Drop the masks

“It is like always carrying a part of home with me”, Jacinta smiles, while showing me one of the colourful handmade masks she sells in the streets of Los Angeles. Jacinta is from Mexico, and even though she has been living in Los Angeles for more than 20 years now, her heavy Mexican Spanish accent makes her sometimes difficult to understand.

“These are the famous masks for Lucha Libre, a popular sport in Mexico”, she tells. Lucha Libre literally means ‘free fighting’ because the wrestlers remain anonymous until the winner tears off the loser’s mask. It’s a heavy and spectacular sport. Names as ‘The mystery King’ are the reward of victory.

Jacinta left home in search of a more prosperous future and managed to compromise economic improvement with the longing for her country by selling the notorious Lucha Libre masks.

Over the years and with the increasing immigration, the American and Mexican cultures begin to entwine. Just like the Mexican Lucha Libre influences the American wrestling, and vice versa.

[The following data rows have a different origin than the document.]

(* Let $X$, $(S_n)$ be as in the context and assume Assumption (A) holds. Let $\nu\in \mathcal M_+(W_S)$ be a quasi-stationary distribution such that $\nu(\eta_S)>0$ and such that $\nu\{x:\ j_S(x)\leq \ell\}=1$ for some $\ell\geq 0$. Then the exponential absorption parameter of $\nu$ equals $\theta_{0,S}$.
   Context: Let $D$ be a measurable space, $\partial\notin D$, and $(X_n)_{n\in\mathbb Z_+}$ a Markov chain on $D\cup\{\partial\}$ for which $\partial$ is absorbing; $\tau_\partial=\inf\{n\ge0: X_n=\partial\}$; $\mathbb P_x,\mathbb E_x$ denote law and expectation given $X_0=x$, and $\mathbb P_\mu=\int\mathbb P_x\,\mu(dx)$. The sub-Markovian semigroup is $S_nf(x)=\mathbb E_x(f(X_n)\mathbbm 1_{n<\tau_\partial})$, $\mu S_nf=\int S_nf\,d\mu$. Functions are extended by $0$ outside their domain. $\mathcal M_+(D)$: finite nonnegative measures on $D$. For measurable $W:D\to[1,\infty)$, $\mathcal M(W)$ is the space of finite signed measures with $|\mu|(W)<\infty$, norm $\|\mu\|_W=|\mu|(W)$; $\mathcal M_+(W)$ its nonnegative part; $L^\infty(W)$: measurable $f$ with $\|f\|_W=\sup|f|/W<\infty$. $\theta_S(\mu):=\inf\{\theta\ge0:\liminf_n\theta^{-n}\mu S_n\mathbbm 1_D=0\}$, $\theta_S(x)=\theta_S(\delta_x)$, $\theta_{0,S}=\sup_x\theta_S(x)$; $j_S(\mu):=\inf\{\ell\ge0:\liminf_n n^{-\ell}\theta_{0,S}^{-n}\mu S_n\mathbbm 1_D=0\}$ (with $\inf\emptyset=0$), $j_S(x)=j_S(\delta_x)$. A quasi-stationary distribution (QSD) is a probability measure $\nu$ on $D$ with $\mathbb P_\nu(X_n\in\cdot\mid n<\tau_\partial)=\nu$ for all $n\ge0$; then there is $\theta\in(0,1]$ with $\mathbb P_\nu(n<\tau_\partial)=\theta^n$ for all $n$, i.e. $\nu S_n=\theta^n\nu$; $\theta$ is its exponential absorption (convergence) parameter. Assumption (A): $\theta_{0,S}\in(0,1]$, $j_S$ is integer valued, and there exist a measurable $W_S:D\to[1,\infty)$, a finite or countable set $I_S$, probability measures $\nu_{S,i}\in\mathcal M(W_S)$ and non-identically zero nonnegative $\eta_{S,i}\in L^\infty(W_S)$ ($i\in I_S$) with $\sum_{i}\eta_{S,i}\nu_{S,i}(W_S)\in L^\infty(W_S)$, and $\alpha_{S,n}\to0$, such that for all $f\in L^\infty(W_S)$, $n\ge1$, $x\in D$: $\big|\theta_{0,S}^{-n}n^{-j_S(x)}\mathbb E_x(f(X_n)\mathbbm 1_{n<\tau_\partial})-\sum_{i}\eta_{S,i}(x)\nu_{S,i}(f)\big|\le\alpha_{S,n}W_S(x)\|f\|_{W_S}$. Then $\eta_S:=\sum_{i\in I_S}\eta_{S,i}$. *)

From HB Require Import structures.
From mathcomp Require Import all_boot all_order all_algebra.
From mathcomp Require Import all_classical all_reals all_analysis.
Set Implicit Arguments. Unset Strict Implicit. Unset Printing Implicit Defensive.
Import Order.TTheory GRing.Theory Num.Theory.
Import numFieldNormedType.Exports.
Local Open Scope classical_set_scope.
Local Open Scope ring_scope.

(* The chain X on D u {partial} with partial absorbing is encoded by its
   sub-Markovian transition kernel K on D:  K x A = P_x(X_1 \in A), A \subset D
   (mass defect 1 - K x D = P_x(X_1 = partial)).                              *)

Section QSD.
Context {d : measure_display} {T : measurableType d} {R : realType}.
Variable K : R.-spker T ~> T.

(* S_n f (x) = E_x (f(X_n) 1_{n < tau}),  built by the Markov property
   S_{n+1} f (x) = int K(x,dy) S_n f (y).                                    *)
Fixpoint Ssg (n : nat) (f : T -> \bar R) : T -> \bar R :=
  match n with
  | 0%N => f
  | n'.+1 => fun x => (\int[K x]_y Ssg n' f y)%E
  end.

Definition muS (mu : {measure set T -> \bar R}) (n : nat) (f : T -> \bar R)
  : \bar R := (\int[mu]_x Ssg n f x)%E.

Definition oneD : T -> \bar R := fun _ => 1%E.

(* theta_S(mu) = inf { theta >= 0 : liminf_n theta^{-n} mu S_n 1_D = 0 }
   (theta = 0 can be dropped) *)
Definition thetaS (mu : {measure set T -> \bar R}) : R :=
  inf [set th : R | 0 < th /\
        limn_einf (fun n => ((th ^- n)%:E * muS mu n oneD)%E) = 0%E].

Definition thetaSx (x : T) : R := thetaS (\d_x).

Definition theta0 : R := sup [set thetaSx x | x in [set: T]].

(* j_S(mu) = inf { l >= 0 : liminf_n n^{-l} theta0^{-n} mu S_n 1_D = 0 },
   with inf of the empty set = 0 (which is mathcomp's convention for inf). *)
Definition jS (mu : {measure set T -> \bar R}) : R :=
  inf [set l : R | 0 <= l /\
        limn_einf (fun n => (((n%:R `^ l)^-1 * theta0 ^- n)%:E
                             * muS mu n oneD)%E) = 0%E].

Definition jSx (x : T) : R := jS (\d_x).

Definition LinfW (W : T -> R) (f : T -> R) : Prop :=
  measurable_fun [set: T] f /\ exists C : R, forall x, `|f x| <= C * W x.

Definition normW (W : T -> R) (f : T -> R) : R :=
  sup [set `|f x| / W x | x in [set: T]].

Definition inMW (W : T -> R) (mu : {measure set T -> \bar R}) : Prop :=
  (\int[mu]_x (W x)%:E < +oo)%E.

Definition sumI (I : set nat) (a : nat -> \bar R) : \bar R :=
  (\sum_(i <oo | i \in I) a i)%E.

(* Assumption (A), with the data W_S, I_S, nu_{S,i}, eta_{S,i}, alpha_{S,n}
   made explicit (the index set I_S is a subset of nat). *)
Definition assumptionA (W : T -> R) (I : set nat) (nu : nat -> probability T R)
         (eta : nat -> T -> R) (alpha : nat -> R) : Prop :=
  0 < theta0 <= 1 /\
  (forall x, exists k : nat, jSx x = k%:R) /\
    [/\ (measurable_fun [set: T] W /\ (forall x, 1 <= W x)),
        (forall i, i \in I -> inMW W (nu i))
        /\
        (forall i, i \in I ->
           LinfW W (eta i) /\ (forall x, 0 <= eta i x) /\ exists x, eta i x != 0),
        (exists C : R, forall x,
           (sumI I (fun i => (eta i x)%:E * (\int[nu i]_y (W y)%:E)) <= (C * W x)%:E)%E),
        alpha n @[n --> \oo] --> 0 &
        forall f, LinfW W f -> forall (n : nat) x, (0 < n)%N ->
          (`| ((theta0 ^- n * (n%:R `^ jSx x)^-1)%:E * Ssg n (fun y => (f y)%:E) x
               - sumI I (fun i => (eta i x)%:E * (\int[nu i]_y (f y)%:E))) |
           <= (alpha n * W x * normW W f)%:E)%E ].

Definition etaS (I : set nat) (eta : nat -> T -> R) (x : T) : \bar R :=
  sumI I (fun i => (eta i x)%:E).

(* quasi-stationary distribution: P_nu(X_n in A | n < tau) = nu(A) *)
Definition is_QSD (nu : probability T R) : Prop :=
  forall n : nat, (0 < muS nu n oneD)%E /\
    forall A, measurable A ->
      muS nu n (fun x => (\1_A x)%:E) = (nu A * muS nu n oneD)%E.

Definition abs_param (nu : probability T R) (th : R) : Prop :=
  0 < th <= 1 /\ forall n : nat, muS nu n oneD = (th ^+ n)%:E.

End QSD.

(* Applying Assumption (A) to f = 1 and integrating against the
   quasi-stationary distribution nu, whose mass nu S_n 1 is theta^n, gives
     nu(eta_S) <= (theta / theta_0)^n + o(1)
   and, because j_S <= l nu-almost surely,
     (theta / theta_0)^n <= n^l (nu(eta_S) + o(1)).
   Since nu(eta_S) > 0 the first bound forces theta >= theta_0, and since a
   geometric sequence dominated by a polynomial has ratio at most 1 the second
   forces theta <= theta_0. *)
From HB Require Import structures.
From mathcomp Require Import all_boot all_order all_algebra.
From mathcomp Require Import all_classical all_reals all_analysis.
From mathcomp Require Import measurable_realfun ring lra.
Import Order.TTheory GRing.Theory Num.Theory.
Local Open Scope classical_set_scope.
Local Open Scope ring_scope.

Section growth.
Variable R : realType.

Lemma natr_powR_le_expr (n : nat) (l : R) :
  (0 < n)%N -> n%:R `^ l <= n%:R ^+ (Num.truncn l).+1.
Proof.
move=> n0; rewrite -powR_mulrn ?ler0n //.
by apply: ler_powR; [rewrite ler1n | exact/ltW/truncnS_gt].
Qed.

Lemma expr_ge1_of_lower_bound (q E : R) (u : R^nat) :
  0 <= q -> 0 < E -> u n @[n --> \oo] --> 0 ->
  (\forall n \near \oo, E <= q ^+ n + u n) -> 1 <= q.
Proof.
move=> q0 E0 u0 Elow; rewrite leNgt; apply/negP => q1.
have qu0 : q ^+ n + u n @[n --> \oo] --> 0.
  by rewrite -[0]addr0; apply: cvgD => //; apply: cvg_expr; rewrite ger0_norm.
have [n [Eleq quE]] : exists n, E <= q ^+ n + u n /\ q ^+ n + u n < E.
  near \oo => n; exists n; split; near: n; [exact: Elow | exact: cvgr_lt _ qu0 _ E0].
by move: (le_lt_trans Eleq quE); rewrite ltxx.
Unshelve. all: by end_near.
Qed.

Lemma expr_le1_of_powR_bound (q B l : R) :
  (\forall n \near \oo, q ^+ n <= B * n%:R `^ l) -> q <= 1.
Proof.
move=> qB; rewrite leNgt; apply/negP => q1.
set k := (Num.truncn l).+1.
have c0 : 0 < ln q := ln_gt0 q1.
set a := ln q ^+ k.+1 / k.+1`!%:R.
have a0 : 0 < a by rewrite divr_gt0 ?exprn_gt0 ?ltr0n ?fact_gt0.
have [n [n0 qnB Ban]] :
    exists n, [/\ (0 < n)%N, q ^+ n <= B * n%:R `^ l & B / a < n%:R].
  near \oo => n; exists n; split; near: n; [by [] | exact: qB | exact: nbhs_infty_gtr].
have nR0 : 0 < n%:R :> R by rewrite ltr0n.
(* q ^+ n = expR (n * ln q) dominates the degree k.+1 term of the exponential
   series. *)
have anB : a * n%:R ^+ k.+1 <= B * n%:R ^+ k.
  have q0 : 0 < q by lra.
  have expq : q ^+ n = expR (n%:R * ln q) by rewrite expRM_natl lnK.
  apply: le_trans (le_trans qnB _); last first.
    apply: ler_wpM2l; last exact: natr_powR_le_expr.
    have : 0 < B * n%:R `^ l by apply: lt_le_trans qnB; rewrite exprn_gt0.
    by rewrite pmulr_lgt0 ?powR_gt0 // => /ltW.
  rewrite expq; apply: le_trans (expR_ge1Dxn k (ltW (mulr_gt0 nR0 c0))).
  by apply: ler_wpDl => //; rewrite /a exprMn le_eqVlt; apply/orP; left; apply/eqP; ring.
have nk0 : 0 < n%:R ^+ k :> R by rewrite exprn_gt0.
move: anB; rewrite exprSr mulrA mulrAC ler_pM2r // mulrC -ler_pdivlMr // => nBa.
by move: (lt_le_trans Ban nBa); rewrite ltxx.
Unshelve. all: by end_near.
Qed.

End growth.

Section ge0_integral.
Local Open Scope ereal_scope.
Context {d} {T : measurableType d} {R : realType} (mu : {measure set T -> \bar R}).

Lemma ge0_integralDZr (b : R) (f g : T -> \bar R) : (0 <= b)%R ->
  (forall x, 0 <= f x) -> measurable_fun [set: T] f ->
  (forall x, 0 <= g x) -> measurable_fun [set: T] g ->
  \int[mu]_x (f x + b%:E * g x) = \int[mu]_x f x + b%:E * \int[mu]_x g x.
Proof.
move=> b0 f0 mf g0 mg; rewrite ge0_integralD //; last 2 first.
- by move=> x _; apply: mule_ge0.
- exact: measurable_funeM.
by rewrite ge0_integralZl.
Qed.

End ge0_integral.

Section sub_markov_semigroup.
Local Open Scope ereal_scope.
Context {d} {T : measurableType d} {R : realType} (K : R.-spker T ~> T).

Lemma Ssg_oneD_ge0 n x : 0 <= Ssg K n oneD x.
Proof.
by elim: n x => [|n IH] x /=; [rewrite /oneD | exact: integral_ge0].
Qed.

Lemma measurable_Ssg_oneD n : measurable_fun [set: T] (Ssg K n oneD).
Proof.
elim: n => [|n IH] /=; first exact: measurable_cst.
apply: measurable_fun_integral_kernel => //; last exact: Ssg_oneD_ge0.
by move=> U mU; exact: measurable_kernel.
Qed.

Context {nu : probability T R}.

Lemma muS_oneD0 : muS K nu 0 oneD = 1.
Proof. by rewrite /muS /= /oneD integral_cst // mul1e; exact: probability_setT. Qed.

Lemma muS_oneD1_fin_num : muS K nu 1 oneD \is a fin_num.
Proof.
rewrite ge0_fin_numE; last by apply: integral_ge0 => x _; exact: (Ssg_oneD_ge0 1).
apply: (@le_lt_trans _ _ (\int[nu]_x (cst 1 x))); last first.
  by rewrite integral_cst // mul1e (le_lt_trans (probability_le1 _ _)) ?ltry.
apply: ge0_le_integral => //.
- by move=> x _; exact: (Ssg_oneD_ge0 1).
- exact: (measurable_Ssg_oneD 1).
- by move=> x _ /=; rewrite /oneD integral_cst // mul1e sprob_kernel_le1.
Qed.

Lemma QSD_integral_kernel : is_QSD K nu ->
  forall g : T -> \bar R, (forall x, 0 <= g x) -> measurable_fun [set: T] g ->
  \int[nu]_x \int[K x]_y g y = muS K nu 1 oneD * \int[nu]_x g x.
Proof.
move=> nuQSD g g0 mg.
have [c0 c1] : (0 <= fine (muS K nu 1 oneD))%R /\
               (fine (muS K nu 1 oneD))%:E = muS K nu 1 oneD.
  rewrite fineK ?muS_oneD1_fin_num // fine_ge0 //.
  by apply: integral_ge0 => x _; exact: (Ssg_oneD_ge0 1).
(* The measure [A |-> \int[nu]_x K x A] is the composition of [nu], seen as a
   kernel from [unit], with [K]; quasi-stationarity at time 1 makes it
   [muS K nu 1 oneD] times [nu]. *)
pose L := @kprobability _ _ unit T R (fun _ => nu : pprobability T R) (measurable_cst _).
pose nuK := mkcomp L (kernel.kernel_snd K) tt.
transitivity (\int[nuK]_y g y); first by rewrite integral_kcomp.
rewrite (@eq_measure_integral _ _ _ _ (mscale (NngNum c0) nu)); last first.
  move=> A mA _; rewrite /nuK /= /kcomp /= [RHS]/mscale /= muleC c1.
  rewrite -(nuQSD 1%N).2 // /muS /=; apply: eq_integral => x _.
  by rewrite integral_indic // setIT.
by rewrite ge0_integral_mscale //= c1.
Qed.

But even after more than 20 years Jacinta does not feel at home in LA, and still has to deal with the difficulties of being a Mexican immigrant. “We have a hard life. Better than in Mexico, that’s true. But LA is supposed to be ‘home’ – it just does not always feel like that.” The situation is complicated. Many immigrants illegally crossed the border but still benefit from US government support in form of education and health. Of course this creates tension amongst the tax payers, which in cases results in bias against the Mexicans. It clearly is an important issue in California, nearly 40% of its population being of Hispanic origin.

Meanwhile, Jacinta keeps on selling her country’s culture in the heart of Los Angeles – against better judgement?